Australia and New Zealand


On the world’s largest island of Australia, outside of the must-see sights (the Sydney Opera House & Harbour Bridge, a pod of kangaroos, a stop through wine country, the Great Barrier Reef), the continent down under is awash in history, wildlife, unforgettable experiences and plenty of farm to fork culinary delights.

Experience an absolute paradise on a New Zealand vacation, a country of considerable beauty that fulfills nearly every expectation: awe-inspiring lush landscapes with rugged mountains, extreme volcanic terrain and ancient glaciers, green vistas and splendid beaches — all the better enjoyed with a glass of New Zealand wine.

Australia, the only destination that’s both a continent and a country, is rich in history, culture, wildlife and natural wonders. That, and it’s big. Australia’s size, and the amount of travel time it takes most travelers to get from one spot to another, can make packing everything you want to do and see into a mere week or two of vacation next to impossible (see more below).

New Zealand -- Aotearoa-- is a country that has managed to find a way to balance its European cultural influences with its proud indigenous traditions.
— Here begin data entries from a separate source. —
(* Let $q$ be a prime power, $k,m,t$ positive integers, and $V=\mathbb F_{q^m}^{k+1}$. Let $H$ be an $\mathbb F_{q^m}$-hyperplane of $V$ and let $W\subseteq H$ be an $\mathbb F_q$-subspace with $\dim_{\mathbb F_q}(W)=t$ which is a linear cutting blocking set in $H$ (i.e. $\langle W\rangle_{\mathbb F_{q^m}}=H$ and $\langle W\cap H'\rangle_{\mathbb F_{q^m}}=H'$ for every $\mathbb F_{q^m}$-hyperplane $H'$ of $H$). Let $v\in V\setminus H$. Then $U=W+\langle v\rangle_{\mathbb F_{q^m}}$ is a cutting $[t+m,k+1]_{q^m/q}$ system.
   Context: An $[n,k]_{q^m/q}$ system is an $\mathbb F_q$-subspace $U$ of $\mathbb F_{q^m}^k$ with $\dim_{\mathbb F_q}(U)=n$ and $\langle U\rangle_{\mathbb F_{q^m}}=\mathbb F_{q^m}^k$. It is cutting if for every $\mathbb F_{q^m}$-hyperplane $\Pi$ of the ambient space one has $\langle \Pi\cap U\rangle_{\mathbb F_{q^m}}=\Pi$. *)

From HB Require Import structures.
From mathcomp Require Import all_boot all_order all_algebra all_field.
Set Implicit Arguments. Unset Strict Implicit. Unset Printing Implicit Defensive.
Import GRing.Theory.
Local Open Scope ring_scope.

(* F plays the role of F_q, L the role of F_{q^m} (a finite extension of F),
   ambient space 'rV[L]_n = F_{q^m}^n.  F_q-subspaces are represented as
   predicates closed under + and scaling by elements of F (embedded in L). *)

Definition Fscale (F : fieldType) (L : fieldExtType F) (n : nat)
  (a : F) (x : 'rV[L]_n) : 'rV[L]_n := (a%:A : L) *: x.

Definition is_Fsubspace (F : fieldType) (L : fieldExtType F) (n : nat)
  (U : 'rV[L]_n -> Prop) : Prop :=
  [/\ U 0, (forall x y, U x -> U y -> U (x + y))
    & (forall (a : F) x, U x -> U (Fscale a x))].

Definition Fdim (F : fieldType) (L : fieldExtType F) (n : nat)
  (U : 'rV[L]_n -> Prop) (d : nat) : Prop :=
  exists b : 'I_d -> 'rV[L]_n,
    [/\ (forall i, U (b i)),
        (forall c : 'I_d -> F, \sum_i Fscale (c i) (b i) = 0 -> forall i, c i = 0)
      & (forall u, U u -> exists c : 'I_d -> F, u = \sum_i Fscale (c i) (b i))].

Definition Lspan_is (L : fieldType) (n : nat) (U : 'rV[L]_n -> Prop)
  (S : {vspace 'rV[L]_n}) : Prop :=
  (forall u, U u -> u \in S) /\
  exists s : seq 'rV[L]_n, (forall x, x \in s -> U x) /\ <<s>>%VS = S.

Definition is_hyperplane_of (L : fieldType) (n : nat)
  (P S : {vspace 'rV[L]_n}) : Prop :=
  (P <= S)%VS /\ \dim P = (\dim S).-1.

Definition is_cutting_system (F : fieldType) (L : fieldExtType F) (n : nat)
  (U : 'rV[L]_n -> Prop) (d : nat) : Prop :=
  [/\ is_Fsubspace U, Fdim U d, Lspan_is U fullv
    & forall P : {vspace 'rV[L]_n}, is_hyperplane_of P fullv ->
        Lspan_is (fun x => U x /\ x \in P) P].

From mathcomp Require Import all_boot all_order all_algebra all_field.
From mathcomp Require Import zify.
Set Implicit Arguments. Unset Strict Implicit. Unset Printing Implicit Defensive.
Import GRing.Theory.
Local Open Scope ring_scope.

(* Write U = W + <v>.  Since v lies outside H, the sum is direct, so U has
   F-dimension t + m and spans H + <v> = V.  Let P be a hyperplane of V.  If
   P = H, then U cap P contains W, which spans H.  Otherwise H' = H cap P is a
   hyperplane of both H and P, and the cutting property of W shows that
   W cap H' spans H'.  As W spans H, it has a vector w0 outside H'.  If v is
   not in P, the component of w0 along P in V = P + <v> is a vector
   u = w0 - c v of U cap P outside H (otherwise take u = v), so U cap P spans
   H' + <u> = P. *)

Lemma dim_addv_line (K : fieldType) (vT : vectType K) (H : {vspace vT}) (v : vT) :
  v \notin H -> \dim (H + <[v]>) = (\dim H).+1.
Proof.
move=> vNH; have v0 : v != 0 by apply: contraNneq vNH => ->; rewrite mem0v.
rewrite dimv_disjoint_sum ?dim_vline ?v0 ?addn1 //.
apply/eqP; rewrite -subv0; apply/subvP => x /memv_capP [xH /vlineP [c xE]].
rewrite memv0 xE; have [-> | c0] := eqVneq c 0; first by rewrite scale0r.
by move: xH; rewrite xE rpredZeq (negPf c0) (negPf vNH).
Qed.

Section Hyperplanes.

Variables (K : fieldType) (n : nat).
Implicit Types (X Y : 'rV[K]_n -> Prop) (H P S T : {vspace 'rV[K]_n}).
Implicit Types (u v : 'rV[K]_n).

Lemma hyperplane_addv_line H S v :
  is_hyperplane_of H S -> v \in S -> v \notin H -> (H + <[v]>)%VS = S.
Proof.
move=> [sHS dimH] vS vNH; apply/eqP; rewrite eqEdim subv_add sHS -memvE vS.
by rewrite dim_addv_line // dimH leqSpred.
Qed.

Lemma hyperplane_eq H P S :
  is_hyperplane_of H S -> is_hyperplane_of P S -> (H <= P)%VS -> H = P.
Proof.
by move=> [_ dimH] [_ dimP] sHP; apply/eqP; rewrite eqEdim sHP dimH dimP leqnn.
Qed.

Lemma hyperplane_cap H P S :
  is_hyperplane_of H S -> is_hyperplane_of P S -> P != H ->
  is_hyperplane_of (H :&: P) H.
Proof.
move=> hH hP nPH; split; first exact: capvSl.
have [[sHS dimH] [sPS dimP]] := (hH, hP).
have ltHHP : (\dim H < \dim (H + P))%N.
  rewrite ltn_neqAle dimvS ?addvSl // andbT; apply: contra nPH => /eqP dimHP.
  have HP : H = (H + P)%VS by apply/eqP; rewrite eqEdim addvSl dimHP leqnn.
  by apply/eqP/(hyperplane_eq hP hH); rewrite [H]HP addvSr.
have leHPS : (\dim (H + P) <= \dim S)%N by rewrite dimvS // subv_add sHS.
have := dimv_sum_cap H P; rewrite dimP; move: ltHHP leHPS; rewrite dimH.
lia.
Qed.

Lemma Lspan_is_between X Y S :
  Lspan_is X S -> (forall x, X x -> Y x) -> (forall y, Y y -> y \in S) ->
  Lspan_is Y S.
Proof.
by move=> [_ [s [sX sE]]] XY YS; split=> //; exists s; split=> // x /sX /XY.
Qed.

Lemma Lspan_is_add_vline X S u :
  Lspan_is X S -> Lspan_is (fun y => X y \/ y = u) (S + <[u]>)%VS.
Proof.
move=> [XS [s [sX sE]]]; split.
  move=> y [/XS yS | ->]; first exact: subvP (addvSl S _) _ yS.
  exact: subvP (addvSr S _) _ (memv_line u).
exists (s ++ [:: u]); split; last by rewrite span_cat span_seq1 sE.
by move=> x; rewrite mem_cat inE => /orP [/sX | /eqP]; [left | right].
Qed.

Lemma Lspan_is_hyperplane_add X S T u :
  is_hyperplane_of S T -> u \in T -> u \notin S -> Lspan_is X S ->
  Lspan_is (fun y => X y \/ y = u) T.
Proof.
move=> hS uT uNS /(Lspan_is_add_vline u).
by rewrite (hyperplane_addv_line hS uT uNS).
Qed.

Lemma Lspan_is_not_subv X S T :
  Lspan_is X S -> ~~ (S <= T)%VS -> exists2 x, X x & x \notin T.
Proof.
move=> [_ [s [sX <-]]] nST.
have [x xs xNT] : exists2 x, x \in s & x \notin T.
  by apply/allPn; apply: contra nST => /allP /span_subvP.
by exists x; first exact: sX.
Qed.

End Hyperplanes.

Section AddLine.

Variables (F : fieldType) (L : fieldExtType F) (n : nat).
Implicit Types (W : 'rV[L]_n -> Prop) (S H P : {vspace 'rV[L]_n}) (u v w : 'rV[L]_n).

Definition add_line W v u : Prop := exists w (c : L), W w /\ u = w + c *: v.

Lemma is_Fsubspace_add_line W v : is_Fsubspace W -> is_Fsubspace (add_line W v).
Proof.
case=> W0 WD WZ; split.
- by exists 0, 0; rewrite scale0r addr0.
- move=> _ _ [w1 [c1 [Ww1 ->]]] [w2 [c2 [Ww2 ->]]].
  by exists (w1 + w2), (c1 + c2); rewrite scalerDl addrACA; split; first exact: WD.
- move=> a _ [w [c [Ww ->]]]; exists (Fscale a w), (a%:A * c).
  by rewrite /Fscale scalerDr scalerA; split; first exact: WZ.
Qed.

Lemma addv_line_eq0 S w v (c : L) :
  w \in S -> v \notin S -> w + c *: v = 0 -> w = 0 /\ c = 0.
Proof.
move=> wS vNS wcv0; suff c0 : c = 0 by move: wcv0; rewrite c0 scale0r addr0.
apply: contraNeq vNS => c0.
have : c *: v \in S by rewrite -(addr0_eq wcv0) rpredN.
by rewrite rpredZeq (negPf c0).
Qed.

(* The F-basis of W followed by the vectors e_j v, for an F-basis (e_j) of L. *)
Lemma Fdim_add_line W S v t :
  W 0 -> Fdim W t -> (forall w, W w -> w \in S) -> v \notin S ->
  Fdim (add_line W v) (t + \dim {:L}).
Proof.
move=> W0 [b [Wb bfree bspan]] sWS vNS.
set m := \dim {:L}; set e := vbasis {:L}.
pose b' (i : 'I_(t + m)) := match split i with inl j => b j | inr j => e`_j *: v end.
have b'E (c : 'I_(t + m) -> F) : \sum_i Fscale (c i) (b' i) =
    \sum_j Fscale (c (lshift m j)) (b j) + (\sum_j c (rshift t j) *: e`_j) *: v.
  rewrite big_split_ord /= scaler_suml; congr (_ + _); apply: eq_bigr => j _.
    by rewrite /b' (unsplitK (inl j)).
  by rewrite /b' (unsplitK (inr j)) /Fscale scalerA mulr_algl.
exists b'; split.
- move=> i; rewrite /b'; case: (split i) => j.
    by exists (b j), 0; rewrite scale0r addr0.
  by exists 0, e`_j; rewrite add0r.
- move=> c; rewrite b'E => bc_ec0.
  have [|bc0 ec0] := addv_line_eq0 _ vNS bc_ec0.
    by apply: memv_suml => j _; rewrite /Fscale memvZ // sWS.
  have cr : forall j, c (rshift t j) = 0.
    by apply/freeP; [exact: basis_free (vbasisP _) | exact: ec0].
  have cl : forall j, c (lshift m j) = 0 by exact: bfree.
  by move=> i; rewrite -[i]splitK; case: (split i).
- move=> _ [w [c [Ww ->]]]; have [cw ->] := bspan w Ww.
  exists (fun i => match split i with inl j => cw j | inr j => coord e j c end).
  rewrite b'E; congr (_ + _ *: _).
    by apply: eq_bigr => j _; rewrite (unsplitK (inl j)).
  rewrite [LHS](coord_vbasis (memvf c)).
  by apply: eq_bigr => j _; rewrite (unsplitK (inr j)).
Qed.

Lemma add_line_meets_hyperplane W H P S w0 v :
  W 0 -> W w0 -> is_hyperplane_of P S -> w0 \in S -> v \in S ->
  w0 \in H -> w0 \notin P -> v \notin H ->
  exists u, [/\ add_line W v u, u \in P & u \notin H].
Proof.
move=> W0 Ww0 hP w0S vS w0H w0NP vNH.
have [vP | vNP] := boolP (v \in P).
  by exists v; split=> //; exists 0, 1; rewrite scale1r add0r.
have : w0 \in (P + <[v]>)%VS by rewrite (hyperplane_addv_line hP vS vNP).
move=> /memv_addP [p pP [_ /vlineP [c ->] w0E]].
exists p; split=> //; first by exists w0, (- c); split=> //; rewrite scaleNr w0E addrK.
apply: contra vNH => pH.
have c0 : c != 0 by apply: contra w0NP => /eqP c0; rewrite w0E c0 scale0r addr0.
have : c *: v \in H by rewrite (_ : c *: v = w0 - p) ?rpredB // w0E addrAC subrr add0r.
by rewrite rpredZeq (negPf c0).
Qed.

End AddLine.

Theorem proposition3p7 (F : finFieldType) (L : fieldExtType F) (k m t : nat)
  (hk : (0 < k)%N) (hm : (0 < m)%N) (ht : (0 < t)%N)
  (hLm : \dim (fullv : {vspace L}) = m)
  (H : {vspace 'rV[L]_(k.+1)}) (hH : is_hyperplane_of H fullv)
  (W : 'rV[L]_(k.+1) -> Prop) (hW : is_Fsubspace W) (hWt : Fdim W t)
  (hWH : forall w, W w -> w \in H)
  (hWspan : Lspan_is W H)
  (hWcut : forall H' : {vspace 'rV[L]_(k.+1)}, is_hyperplane_of H' H ->
             Lspan_is (fun x => W x /\ x \in H') H')
  (v : 'rV[L]_(k.+1)) (hv : v \notin H) :
  is_cutting_system (fun u => exists w (c : L), W w /\ u = w + c *: v) (t + m).
Proof.
have [W0 _ _] := hW.
have WU w : W w -> add_line W v w by exists w, 0; rewrite scale0r addr0.
have vU : add_line W v v by exists 0, 1; rewrite scale1r add0r.
rewrite -hLm; split.
- exact: is_Fsubspace_add_line.
- exact: Fdim_add_line hWt hWH hv.
- apply: Lspan_is_between (Lspan_is_hyperplane_add hH (memvf v) hv hWspan) _ _.
    by move=> x [/WU | ->].
  by move=> x _; rewrite memvf.
move=> P hP; have [-> | nPH] := eqVneq P H.
  apply: Lspan_is_between hWspan _ _ => [x Wx | x [] //].
  by split; [exact: WU | exact: hWH].
have hH'H := hyperplane_cap hH hP nPH.
have hH'P : is_hyperplane_of (H :&: P) P
  by rewrite capvC; apply: hyperplane_cap hP hH _; rewrite eq_sym.
have [w0 Ww0 w0NH'] : exists2 w0, W w0 & w0 \notin (H :&: P)%VS.
  apply: Lspan_is_not_subv hWspan _; apply: contra nPH => sHH'.
  rewrite eq_sym; apply/eqP/(hyperplane_eq hH hP).
  exact: subv_trans sHH' (capvSr H P).
have w0H := hWH _ Ww0.
have w0NP : w0 \notin P by apply: contra w0NH'; rewrite memv_cap w0H.
have [u [Uu uP uNH]] :=
  add_line_meets_hyperplane W0 Ww0 hP (memvf w0) (memvf v) w0H w0NP hv.
have uNH' : u \notin (H :&: P)%VS by apply: contra uNH; rewrite memv_cap => /andP [].
apply: Lspan_is_between (Lspan_is_hyperplane_add hH'P uP uNH' (hWcut _ hH'H)) _ _.
  by move=> x [[/WU Ux /(subvP (capvSr H P)) xP] | ->]; split.
by move=> x [].
Qed.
There's the healthy outdoor lifestyle, with diverse sports and some unique [and crazy] activities only the Kiwis could invent. Bungee jumping, anyone? There's the friendly people and a rich Maori heritage. The real draw is the beauty and majesty of the island nation’s wilderness. There really is a reason why Peter Jackson chose to film the Tolkien movies in New Zealand. There are no reasons not to go! So, when will you be leaving? (see more below).
Australia is a vast country with many microclimates. From the subtropical beaches of the North to the desert interior, and from the temperate coastal cities to the rainforests of Tazmania, Australian weather varies considerably. The seasons in Australia are the opposite of the seasons in the Northern Hemisphere. In the northern, sub-tropical and equatorial parts of the country, the landscape experiences only two seasons: wet during the summer monsoon season, and dry the rest of the year. Temperatures can vary considerably depending on the time of year you visit Australia, and the areas you will be traveling to. Summer temperatures in the desert interior of the country can reach well over one-hundred degrees Fahrenheit, while some coastal cities rarely see summer temperatures over seventy-five. Make sure to pack for the range of temperatures that you are likely to encounter.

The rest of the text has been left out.